The other morning my officer got home from work just as I was getting ready for work myself. As he was getting ready for bed and I was heading out the door, I asked him how his shift was. “It was a rough one” was all he said.
I looked over at him, sitting on the floor, leaning up against our bed and playing with our pup, and saw the subtle slump of his shoulders. The minor look of exhaustion that didn’t just come from working a full shift. The slight flash of defeat in his eyes that you’d miss if you didn’t know what you were looking for.
The weight of the badge that our officers carry is heavy. The badge on their chest physically weighs only a few ounces, but the responsibilities and burdens it comes with weighs tons.
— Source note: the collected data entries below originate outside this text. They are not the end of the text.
(* The index choices among argmin/argmax ties are arbitrary. *)
Definition smo_iter (P : prob) (tau : R) (th th' : theta) (clipped : bool) : Prop :=
  tau < DeltaK P th /\
  (
    (Delta1 P th = DeltaK P th /\
     exists i j,
       is_argmin_up P (al th) (grad_al P th) i /\
       is_argmax_low P (al th) (grad_al P th) j /\
       th' = Theta (pair_upd (al th) i j (tstar P (al th) (grad_al P th) i j))
                   (als th) (ga th) (mu th) /\
       (clipped = true <-> tstar P (al th) (grad_al P th) i j <> tq P (grad_al P th) i j))
  \/
    (Delta1 P th <> DeltaK P th /\ Delta2 P th = DeltaK P th /\
     exists i j,
       is_argmin_up P (als th) (grad_als P th) i /\
       is_argmax_low P (als th) (grad_als P th) j /\
       th' = Theta (al th)
                   (pair_upd (als th) i j (tstar P (als th) (grad_als P th) i j))
                   (ga th) (mu th) /\
       (clipped = true <-> tstar P (als th) (grad_als P th) i j <> tq P (grad_als P th) i j))
  \/
    (Delta1 P th <> DeltaK P th /\ Delta2 P th <> DeltaK P th /\
     Delta3 P th = DeltaK P th /\
     exists u, (u < pk1 P)%nat /\
       (forall s, (s < pk1 P)%nat -> grad_ga P th u <= grad_ga P th s) /\
       th' = Theta (al th) (als th)
               (upd1 (ga th) u (Rmax (ga th u - grad_ga P th u / AAt P u u) 0))
               (mu th) /\
       (clipped = true <-> ga th u - grad_ga P th u / AAt P u u < 0))
  \/
    (Delta1 P th <> DeltaK P th /\ Delta2 P th <> DeltaK P th /\
     Delta3 P th <> DeltaK P th /\ Delta4 P th = DeltaK P th /\
     exists u, (u < pk2 P)%nat /\
       (forall s, (s < pk2 P)%nat -> Rabs (grad_mu P th s) <= Rabs (grad_mu P th u)) /\
       th' = Theta (al th) (als th) (ga th)
               (upd1 (mu th) u (mu th u - grad_mu P th u / GGt P u u)) /\
       clipped = false) ).
(* Let $\mathcal{M}_i=(E_i,\rho_i)$, $i=1,2$, be $q$-matroids, let $\mathcal{F}_i$ and $\mathcal{Z}_i$ be the collections of flats and of cyclic flats of $\mathcal{M}_i$, and let $\rho$ be the rank function of $\mathcal{M}_1\oplus\mathcal{M}_2$ on $E=E_1\oplus E_2$. Then for all subspaces $V\le E$, \[ \rho(V)=\dim V+\min_{F_1\in\mathcal{F}_1,F_2\in\mathcal{F}_2}\big(\rho_1(F_1)+\rho_2(F_2)-\dim((F_1\oplus F_2)\cap V)\big) =\dim V+\min_{Z_1\in\mathcal{Z}_1,Z_2\in\mathcal{Z}_2}\big(\rho_1(Z_1)+\rho_2(Z_2)-\dim((Z_1\oplus Z_2)\cap V)\big). \]
   Context: Let $\mathbb{F}=\mathbb{F}_q$. A $q$-matroid is $\mathcal{M}=(E,\rho)$, $E$ a finite-dimensional $\mathbb{F}$-vector space, $\rho$ from subspaces to $\mathbb{Z}_{\ge0}$ with $0\le\rho(V)\le\dim V$, monotone and submodular. A flat is $F$ with $\rho(F+\langle x\rangle)>\rho(F)$ for all $x\notin F$. The cyclic core is $\mathrm{cyc}(V)=\{x\in V\mid\rho(W)=\rho(V)\text{ for all }W\le V\text{ with }W+\langle x\rangle=V\}$; $V$ is cyclic if $\mathrm{cyc}(V)=V$; a cyclic flat is a flat that is cyclic. Direct sum: for $E=E_1\oplus E_2$ (each $E_i$ identified with its image) with projections $\pi_i:E\to E_i$, $\mathcal{M}_1\oplus\mathcal{M}_2=(E,\rho)$ where $\rho(V)=\dim V+\min_{X\le V}(\rho_1(\pi_1(X))+\rho_2(\pi_2(X))-\dim X)$. *)

From HB Require Import structures.
From mathcomp Require Import all_boot all_order all_algebra all_field.
Set Implicit Arguments. Unset Strict Implicit. Unset Printing Implicit Defensive.
Import Order.TTheory GRing.Theory Num.Theory.
Local Open Scope ring_scope.

Section QMatroid.
Variable F : finFieldType.

(* The (finite) list of all subspaces of vT: every subspace is spanned by
   a (\dim vT)-tuple of vectors, and vT is finite since F is. *)
Definition all_subspaces (vT : vectType F) : seq {vspace vT} :=
  [seq (<<(tval s : seq vT)>>)%VS | s : (\dim {: vT}%VS).-tuple (finvect_type vT)].

Definition min_over (T : Type) (s : seq T) (f : T -> int) : int :=
  let vs := map f s in foldr Order.min (head 0 vs) vs.

Definition is_qmatroid (vT : vectType F) (rho : {vspace vT} -> nat) : Prop :=
  [/\ forall V, (rho V <= \dim V)%N,
      forall V W, (V <= W)%VS -> (rho V <= rho W)%N
    & forall V W, (rho (V + W)%VS + rho (V :&: W)%VS <= rho V + rho W)%N].

(* Flats: rho(X + <x>) > rho(X) for every vector x outside X
   (vT is finite, so this quantifier is decidable). *)
Definition is_flat (vT : vectType F) (rho : {vspace vT} -> nat) (X : {vspace vT}) : bool :=
  [forall x : finvect_type vT, (x \notin X) ==> (rho X < rho (X + <[x : vT]>)%VS)%N].

Definition in_cyc (vT : vectType F) (rho : {vspace vT} -> nat) (V : {vspace vT}) (x : vT) : bool :=
  (x \in V) && all (fun W => ((W <= V)%VS && (W + <[x]> == V)%VS) ==> (rho W == rho V))
                    (all_subspaces vT).

Definition is_cyclic (vT : vectType F) (rho : {vspace vT} -> nat) (V : {vspace vT}) : bool :=
  [forall x : finvect_type vT, (x \in V) == in_cyc rho V x].

Definition is_cyclic_flat (vT : vectType F) (rho : {vspace vT} -> nat) (X : {vspace vT}) : bool :=
  is_flat rho X && is_cyclic rho X.

(* Direct sum E = E1 (+) E2, realised as the product vector space. *)
Variables (E1 E2 : vectType F).
Definition pi1 : 'Hom((E1 * E2)%type, E1) := linfun (fun x : E1 * E2 => x.1).
Definition pi2 : 'Hom((E1 * E2)%type, E2) := linfun (fun x : E1 * E2 => x.2).
Definition inj1 : 'Hom(E1, (E1 * E2)%type) := linfun (fun x : E1 => (x, 0) : E1 * E2).
Definition inj2 : 'Hom(E2, (E1 * E2)%type) := linfun (fun y : E2 => (0, y) : E1 * E2).

Definition dsum_sub (X1 : {vspace E1}) (X2 : {vspace E2}) : {vspace (E1 * E2)%type} :=
  (inj1 @: X1 + inj2 @: X2)%VS.

Definition dsum_rank (rho1 : {vspace E1} -> nat) (rho2 : {vspace E2} -> nat)
  (V : {vspace (E1 * E2)%type}) : int :=
  (\dim V)%:Z + min_over [seq X <- all_subspaces (E1 * E2)%type | (X <= V)%VS]
    (fun X => (rho1 (pi1 @: X)%VS)%:Z + (rho2 (pi2 @: X)%VS)%:Z - (\dim X)%:Z).

End QMatroid.

From HB Require Import structures.
From mathcomp Require Import all_boot all_order all_algebra all_field zify.
Import Order.TTheory GRing.Theory Num.Theory.
Local Open Scope ring_scope.
Set Implicit Arguments. Unset Strict Implicit. Unset Printing Implicit Defensive.

(** The substitutions X |-> (pi1 X, pi2 X) and (A1, A2) |-> (A1 (+) A2) :&: V
   show that the minimum defining the rank of the direct sum equals the
   minimum, over all pairs of subspaces (A1, A2), of
   rho1 A1 + rho2 A2 - dim ((A1 (+) A2) :&: V).  This pair objective does not
   increase when a non-flat A_i is enlarged by a vector that leaves its rank
   unchanged, nor when a non-cyclic A_i is replaced by a hyperplane W with
   rho_i W < rho_i A_i: the rank drops by at least one while the dimension
   of the intersection drops by at most one.  Iterating reaches a pair of
   cyclic flats, so the minimum may be taken over cyclic flats, and a
   fortiori over flats. *)

Lemma mem_all_subspaces (F : finFieldType) (vT : vectType F) (U : {vspace vT}) :
  U \in all_subspaces vT.
Proof.
set n := \dim {:vT}.
pose s : seq (finvect_type vT) := (vbasis U : seq vT) ++ nseq (n - \dim U) 0.
have size_s : size s == n.
  by rewrite size_cat size_tuple size_nseq subnKC // dimvS // subvf.
apply/mapP; exists (Tuple size_s); first by rewrite mem_enum.
have span_zeros : <<nseq (n - \dim U) (0%R : vT)>>%VS = 0%VS.
  by apply/eqP; rewrite -subv0; apply/span_subvP => x /nseqP [-> _]; apply: mem0v.
by rewrite /= span_cat (span_basis (vbasisP U)) span_zeros addv0.
Qed.

Section FoldrMin.
Variables (d : Order.disp_t) (R : orderType d).

Lemma foldr_min_le (a y : R) l : y \in l -> (foldr Order.min a l <= y)%O.
Proof.
elim: l => //= b l IHl; rewrite inE ge_min => /predU1P [->|/IHl->]; by rewrite ?lexx ?orbT.
Qed.
Lemma inv_succ_eventually_small (C e : R) : 0 < e ->
  exists N, forall n, (N <= n)%nat -> C / (INR n + 1) < e.
Proof.
  intro He. destruct (INR_archimed e C He) as [N HN]. exists N. intros n Hn.
  pose proof (le_INR _ _ Hn). pose proof (pos_INR N).
  apply (Rmult_lt_reg_r (INR n + 1)); [lra|].
  unfold Rdiv. rewrite Rmult_assoc, Rinv_l by lra. nra.
Qed.

(* A nondecreasing sequence whose subsequence along multiples of p approaches
   I at rate C/(pM+1) converges to I: it stays below I, and beyond pM it is
   squeezed between A(pM) and I. *)
Lemma nondecreasing_cv_from_multiples (A : nat -> R) (p : nat) (I C : R) :
  (0 < p)%nat ->
  (forall n m, (n <= m)%nat -> A n <= A m) ->
  (forall M, Rabs (I - A (p * M)%nat) <= C / (INR (p * M) + 1)) ->
  Un_cv A I.
Proof.
  intros Hp Hmono Hbound.
  assert (Hsmall : forall e, 0 < e ->
            exists M, forall M', (M <= M')%nat -> C / (INR (p * M') + 1) < e).
  { intros e He. destruct (inv_succ_eventually_small C e He) as [M HM].
    exists M. intros M' HM'. apply HM. nia. }
  assert (Hbelow : forall n, A n <= I).
  { intro n. destruct (Rle_or_lt (A n) I) as [Hle | Hgt]; [exact Hle|].
    destruct (Hsmall (A n - I) ltac:(lra)) as [M HM].
    specialize (HM (Nat.max M n) (Nat.le_max_l _ _)).
    pose proof (Hbound (Nat.max M n)) as Hb. apply Rabs_le_between in Hb.
    assert (A n <= A (p * Nat.max M n)%nat) by (apply Hmono; nia). lra. }
  intros eps Heps. destruct (Hsmall eps Heps) as [M HM].
  exists (p * M)%nat. intros n Hn. unfold Rdist.
  specialize (HM M (le_n _)).
  pose proof (Hbound M) as Hb. apply Rabs_le_between in Hb.
  pose proof (Hmono _ _ Hn). pose proof (Hbelow n).
  rewrite Rabs_left1 by lra. lra.
Qed.

Lemma S_sum_from_block (p : nat) (h : R -> R) (I C : R) : (3 <= p)%nat ->
  is_RInt h 0 1 I ->
  (forall x, 0 <= x <= 1 -> Rabs (h x) <= C) ->
  (forall x, psum (fun r => kernel p r x) p = (1 - x ^ p) * h x) ->
  infinite_sum (S_term p) I.
Proof.
  intros Hp Hh HC Hblock.
  assert (Herror : forall M, is_RInt (fun x => h x * x ^ (p * M)) 0 1
                                     (I - psum (S_term p) (p * M))).
  { intro M.
    apply (is_RInt_ext (fun x => h x - psum (fun k => kernel p k x) (p * M))).
    - intros x _. rewrite (psum_kernel_blocks p x (h x) (Hblock x)). simpl. ring.
    - apply (is_RInt_minus h); [exact Hh | apply is_RInt_psum_kernel; exact Hp]. }
  assert (Hcv : Un_cv (psum (S_term p)) I).
  { apply (nondecreasing_cv_from_multiples _ p I C); [lia | |].
    - intros n m Hnm. apply psum_mono; [intro k; apply S_term_nonneg; exact Hp | exact Hnm].
    - intro M. exact (moment_bound h C _ _ (Herror M) HC). }
  intros eps Heps. destruct (Hcv eps Heps) as [N HN].
  exists N. intros n Hn. rewrite sum_f_R0_psum. apply HN. lia.
Qed.
Lemma compact_cell_cover {K : pt n -> Prop} {r : pt n -> R} :
  tauL_compact A K -> (forall y, K y -> A y -> 0 < r y) ->
  exists s : list (pt n), forall z, K z -> exists y, In y s /\ K y /\ cell y (r y) z.
Proof.
move=> [KL K_cpt] r0.
have [|z Kz|s s_cov] := K_cpt (pt n) (fun y z => K y /\ cell y (r y) z).
- move=> y; apply/tauL_openP; split=> [z [_ [[-> []]|[_ []]]] //|].
  move=> z [Ky [[-> [_ nAy]]|[Ay [_ zy]]]] Az; first by case: nAy.
  exists (r y - edist z y); split=> [|w Lw wz]; first by rewrite /Ball in zy; lra.
  split=> //; right; do 2 split=> //; rewrite /Ball in wz zy *.
  by have := edist_triangle w z y; lra.
- exists z; split=> //; have Lz := KL z Kz.
  case: (classic (A z)) => Az; first by right; rewrite /Ball edist_refl; auto.
  by left.
by exists s => z /s_cov [y [sy [Ky zy]]]; exists y.
Qed.

Lemma compact_inter_closed {K : pt n -> Prop} :
  tauL_compact A K -> euclL_closed (fun x => K x /\ A x).
Proof.
move=> K_cpt; split=> [x [Kx _]|x Lx nKAx]; first exact: K_cpt.1.
have r0 y : K y -> A y -> 0 < edist y x / 2.
  move=> Ky Ay; suff : edist y x <> 0 by have := edist_ge0 y x; lra.
  by move/edist_eq0 => yx; apply: nKAx; rewrite -yx.
have [s s_cov] := compact_cell_cover K_cpt r0.
have [e [e0 le_e]] := list_pos_lower_bound s (fun y => edist y x / 2).
exists e; split=> // w Lw xw [Kw Aw].
have [y [sy [Ky [[wy [_ nAy]]|[Ay [_ yw]]]]]] := s_cov w Kw; first by rewrite -wy in nAy.
have := le_e y sy (r0 y Ky Ay); have := edist_triangle y w x.
by rewrite /Ball in xw yw; rewrite (edist_sym y w); lra.
Qed.

End SubspaceTopology.
Arguments compact_cell_cover {n A K r}.
Arguments compact_inter_closed {n A K}.

Section Countable.
Context {T : Type}.

Lemma countable_set_sub {S1 S2 : T -> Prop} :
  (forall x, S1 x -> S2 x) -> countable_set S2 -> countable_set S1.
Proof. by move=> S12 [f f_onto]; exists f => x /S12 /f_onto. Qed.

Lemma countable_set_In (s : list T) : countable_set (fun x => In x s).
Proof. by exists (nth_error s) => x; exact: In_nth_error. Qed.

Lemma countable_set_bigcup (S : nat -> T -> Prop) :
  (forall k, countable_set (S k)) -> countable_set (fun x => exists k, S k x).
Proof.
move=> /boolp.choice [f f_onto].
exists (fun N => if unpickle N is Some (k, i) then f k i else None).
by move=> x [k /f_onto [i fi]]; exists (pickle (k, i)); rewrite pickleK.
Qed.

End Countable.

Section SigmaCompactToFsigma.
Context {n : nat} (A : pt n -> Prop).

Lemma compact_diff_countable (K : pt n -> Prop) :
  tauL_compact A K -> countable_set (fun x => K x /\ ~ A x).
Proof.
move=> K_cpt; have [_ KA_closed] := compact_inter_closed K_cpt.
pose far m x := K x /\ ~ A x /\
  forall y, Ln y -> Ball x (/ INR m.+1) y -> ~ (K y /\ A y).
apply: (countable_set_sub (S2 := fun x => exists m, far m x)).
  move=> x [Kx nAx]; have [e [e0 e_far]] := KA_closed x (K_cpt.1 x Kx) (fun KAx => nAx KAx.2).
  have [N [Ne N0]] := archimed_cor1 e e0.
  exists N.-1; split=> //; split=> // y Ly xy; apply: e_far Ly _.
  by move: xy; rewrite /Ball prednK; [move=> ?; lra | apply/ltP].
apply: countable_set_bigcup => m.
(* A point of [far m] can only be covered by its own cell. *)
have [s s_cov] := compact_cell_cover (r := fun _ => / INR m.+1) K_cpt
  (fun _ _ _ => Rinv_0_lt_compat _ (lt_0_INR _ (Nat.lt_0_succ m))).
apply: (countable_set_sub _ (countable_set_In s)) => x [Kx [nAx x_far]].
have [y [sy [Ky [[-> _] // | [Ay [_ yx]]]]]] := s_cov x Kx.
by case: (x_far y (K_cpt.1 y Ky)); [rewrite /Ball edist_sym | split].
Qed.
The calls they go on are tough. The things they witness are rough. They show up to people’s worst days over and over again, and each time a tiny piece of that call burrows itself behind that badge. That empty car seat in the freeway median after a horrific car accident. The hollow look in a young woman’s eyes after recounting what happened to her last night. The sound of a mother’s anguished scream as she learns that her child didn’t make it. The smell of smoke and chaos after a family’s entire home has been destroyed and they can’t find their beloved pet.
Our officers carry the weight of that badge around with them everywhere they go, and even though they try to “turn it off” when they get home or “stuff it down inside” it still lingers, heavy and dark and burdensome.
Thank you, first responders, for choosing to carry that weight for us. Thank you for carrying the weight of the badge.